- [Directions]: A copy is needed of each line in the records that has the word "have".

- [Records shown]:
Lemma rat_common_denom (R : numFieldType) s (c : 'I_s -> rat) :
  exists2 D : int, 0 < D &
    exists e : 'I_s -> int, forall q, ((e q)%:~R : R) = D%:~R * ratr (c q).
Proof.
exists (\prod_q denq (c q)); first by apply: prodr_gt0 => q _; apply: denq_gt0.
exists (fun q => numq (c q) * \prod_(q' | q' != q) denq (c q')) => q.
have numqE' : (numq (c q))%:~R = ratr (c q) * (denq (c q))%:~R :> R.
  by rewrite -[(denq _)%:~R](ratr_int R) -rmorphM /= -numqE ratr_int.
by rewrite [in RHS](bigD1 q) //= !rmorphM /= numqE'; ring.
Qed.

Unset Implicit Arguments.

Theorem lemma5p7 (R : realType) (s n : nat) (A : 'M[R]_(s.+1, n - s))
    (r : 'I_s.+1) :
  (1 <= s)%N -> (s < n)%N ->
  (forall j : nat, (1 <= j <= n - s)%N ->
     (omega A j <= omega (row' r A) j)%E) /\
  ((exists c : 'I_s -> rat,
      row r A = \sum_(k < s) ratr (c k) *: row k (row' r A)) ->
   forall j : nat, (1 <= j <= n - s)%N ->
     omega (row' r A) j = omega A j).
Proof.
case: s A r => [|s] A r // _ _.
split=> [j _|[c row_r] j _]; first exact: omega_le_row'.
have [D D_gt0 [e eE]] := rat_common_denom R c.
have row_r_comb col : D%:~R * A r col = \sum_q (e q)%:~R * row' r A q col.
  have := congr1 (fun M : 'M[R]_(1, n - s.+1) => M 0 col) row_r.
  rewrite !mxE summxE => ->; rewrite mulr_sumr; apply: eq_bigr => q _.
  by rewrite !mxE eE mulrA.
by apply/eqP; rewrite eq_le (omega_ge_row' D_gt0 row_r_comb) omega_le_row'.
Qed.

- [Answer to this problem]:
have numqE' : (numq (c q))%:~R = ratr (c q) * (denq (c q))%:~R :> R.
have [D D_gt0 [e eE]] := rat_common_denom R c.
have row_r_comb col : D%:~R * A r col = \sum_q (e q)%:~R * row' r A q col.
  have := congr1 (fun M : 'M[R]_(1, n - s.+1) => M 0 col) row_r.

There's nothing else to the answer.